5.5 Questions to Guide Your Design
- How strict should cloud threshold be for your AOI?
- Which classes are operationally meaningful for stakeholders?
- What minimum valid coverage is required per zone?
5.6 Thinking Exercise
Choose one zone with large observed change and list three alternative explanations unrelated to true land-cover change.
5.7 Interview Questions
- Why is grid alignment mandatory before differencing?
- How can nodata bias zonal change metrics?
- What makes a land-cover report decision-grade?
5.8 Hints in Layers
- Hint 1: Freeze scene IDs first.
- Hint 2: Validate transform/resolution equality before index math.
- Hint 3: Compute coverage before classification summary.
- Hint 4: Flag low-confidence zones explicitly in output.
6. Testing Strategy
| Category | Purpose |
|---|---|
| Unit | Mask logic, index calculations, class delta math |
| Integration | End-to-end scene-pair workflow |
| Edge Case | Cloud-heavy scenes, low-coverage zones |
Critical tests:
- Misaligned test rasters must fail fast with clear error.
- Cloud-mask fixture should reduce false-change spikes.
- Low-coverage zones should carry confidence warning flag.

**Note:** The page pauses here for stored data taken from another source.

(* The line [dot n m = 1] is tangent to [x^2/a^2 + s y^2/b^2 = 1] exactly when
   [n] lies on the dual conic [a^2 n1^2 + s b^2 n2^2 = 1]; [m] is the foot of
   the perpendicular dropped on it from the focus [(f, 0)]. *)
Lemma pedal_foot_on_auxiliary_circle (a b s f : R) (n m : pt) :
  a^2 * fst n ^ 2 + s * b^2 * snd n ^ 2 = 1 ->
  f^2 = a^2 - s * b^2 ->
  dot n m = 1 ->
  cross (psub m (f, 0)) n = 0 ->
  sqdist m origin = a^2.
Proof.
destruct n as [n1 n2], m as [m1 m2]; pt_unfold.
intros Hdual Hf Hdot Hcross.
set (N := n1^2 + n2^2).
assert (HN : N <> 0).
{ intros E; assert (n1 = 0) by (unfold N in E; nra); assert (n2 = 0) by (unfold N in E; nra).
  subst; lra. }
assert (Hm1 : N * (m1 - f) = n1 * (1 - f * n1)).
{ transitivity (n1 * (n1 * m1 + n2 * m2 - f * n1) + n2 * ((m1 - f) * n2 - (m2 - 0) * n1));
    [unfold N; ring | rewrite Hdot, Hcross; ring]. }
assert (Hm2 : N * m2 = n2 * (1 - f * n1)).
{ transitivity (n2 * (n1 * m1 + n2 * m2 - f * n1) - n1 * ((m1 - f) * n2 - (m2 - 0) * n1));
    [unfold N; ring | rewrite Hdot, Hcross; ring]. }
assert (Hsb : s * b^2 * N = 1 - f^2 * n1^2) by (rewrite Hf; unfold N; lra).
replace m1 with (f + n1 * (1 - f * n1) / N)
  by (apply (Rmult_eq_reg_l N); [rewrite <- Hm1; field | ]; exact HN).
replace m2 with (n2 * (1 - f * n1) / N)
  by (apply (Rmult_eq_reg_l N); [rewrite <- Hm2; field | ]; exact HN).
replace (a^2) with (f^2 + s * b^2) by lra.
replace (s * b^2) with ((1 - f^2 * n1^2) / N)
  by (apply (Rmult_eq_reg_l N); [rewrite <- Hsb; field | ]; exact HN).
unfold N in *; field; exact HN.
Qed.

Lemma tangent_midpoint_on_auxiliary_circle_std (a b s f : R) (p q x : pt) :
  0 < a -> 0 < b -> s * s = 1 -> f^2 = a^2 - s * b^2 -> p <> q ->
  cross (psub q p) (psub x p) = 0 ->
  fst x ^ 2 / a^2 + s * snd x ^ 2 / b^2 = 1 ->
  fst x * fst (psub q p) / a^2 + s * snd x * snd (psub q p) / b^2 = 0 ->
  sqdist p (f, 0) = sqdist q (f, 0) ->
  sqdist (midpoint p q) origin = a^2.
Proof.
intros Ha Hb Hs Hf Hpq Hline Hconic Htan Heq.
set (n := (fst x / a^2, s * snd x / b^2)).
set (d := psub q p) in *.
set (m := midpoint p q).
assert (Hd : d <> origin).
{ intros E; apply Hpq; unfold d, origin, psub in E; destruct p, q; cbn in E.
  injection E as E1 E2; f_equal; lra. }
assert (Hnd : dot n d = 0) by (rewrite <- Htan; unfold n, dot; cbn [fst snd]; field; lra).
assert (Hmx : dot n (psub m x) = 0).
{ apply (dot_eq0_of_cross_eq0 d); [exact Hd | | exact Hnd].
  transitivity (- cross d (psub x p));
    [unfold m, d; destruct p, q, x; pt_unfold; field | rewrite Hline; ring]. }
apply (pedal_foot_on_auxiliary_circle a b s f n); [| exact Hf | |].
- rewrite <- Hconic; unfold n; cbn [fst snd].
  replace (s * b^2 * (s * snd x / b^2) ^ 2) with ((s * s) * (s * snd x ^ 2 / b^2))
    by (field; lra).
  rewrite Hs; field; lra.
- transitivity (dot n (psub m x) + dot n x);
    [destruct m, x; pt_unfold; ring | rewrite Hmx, <- Hconic; unfold n, dot; cbn [fst snd]; field; lra].
- apply (cross_eq0_of_orthogonal d); [exact Hd | | exact Hnd].
  now apply midpoint_sub_orthogonal.
Qed.

Definition frame (K : central_conic) (X : pt) : pt := (cx K X, cy K X).

Ltac conic_unfold K :=
  destruct K as [[z1 z2] [u1 u2] k a b];
  unfold frame, cx, cy, cc_v in *; cbn [cc_center cc_u cc_a cc_b cc_kind] in *.

Lemma frame_sqdist (K : central_conic) (P Q : pt) :
  dot (cc_u K) (cc_u K) = 1 -> sqdist (frame K P) (frame K Q) = sqdist P Q.
Proof.
intros Hu; transitivity (sqdist P Q * dot (cc_u K) (cc_u K)); [|rewrite Hu; ring].
conic_unfold K; destruct P, Q; pt_unfold; ring.
Qed.

Lemma frame_inj (K : central_conic) (P Q : pt) :
  dot (cc_u K) (cc_u K) = 1 -> frame K P = frame K Q -> P = Q.
Proof.
intros Hu E; apply sqdist_eq0.
now rewrite <- (frame_sqdist K P Q Hu), E, sqdist_refl.
Qed.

7. Common Pitfalls & Debugging
| Pitfall | Symptom | Fix |
|---|---|---|
| Misaligned rasters | Checkerboard-like false change | Align both scenes to canonical grid |
| Mask omission | Implausible class transitions | Apply cloud/nodata masks before classification |
| Overconfident reporting | Small zones show extreme noisy deltas | Add minimum coverage thresholds and flags |
8. Extensions & Challenges
- Add multi-year trend pipeline.
- Add class-specific uncertainty estimates.
- Add temporal smoothing for noisy class transitions.
9. Real-World Connections
- Urban growth and impervious-surface monitoring.
- Conservation and vegetation-loss tracking.
- Municipal land-use change reporting.
10. Resources
- Sentinel-2 mission overview: https://sentinels.copernicus.eu/web/sentinel/missions/sentinel-2
- Rasterio docs: https://rasterio.readthedocs.io/en/stable/
- GDAL docs: https://gdal.org/en/stable/
11. Self-Assessment Checklist
- I can explain why scene pairing choices matter.
- I can prove my rasters are aligned before differencing.
- I can report valid-pixel coverage with every zone result.
- I can articulate uncertainty sources in class-change outputs.
12. Submission / Completion Criteria
Minimum Viable Completion
- Working class-change report for one AOI with deterministic scene IDs.
Full Completion
- Includes coverage-aware zonal report and confidence flags.
Excellence
- Includes uncertainty analysis and false-change diagnostics appendix.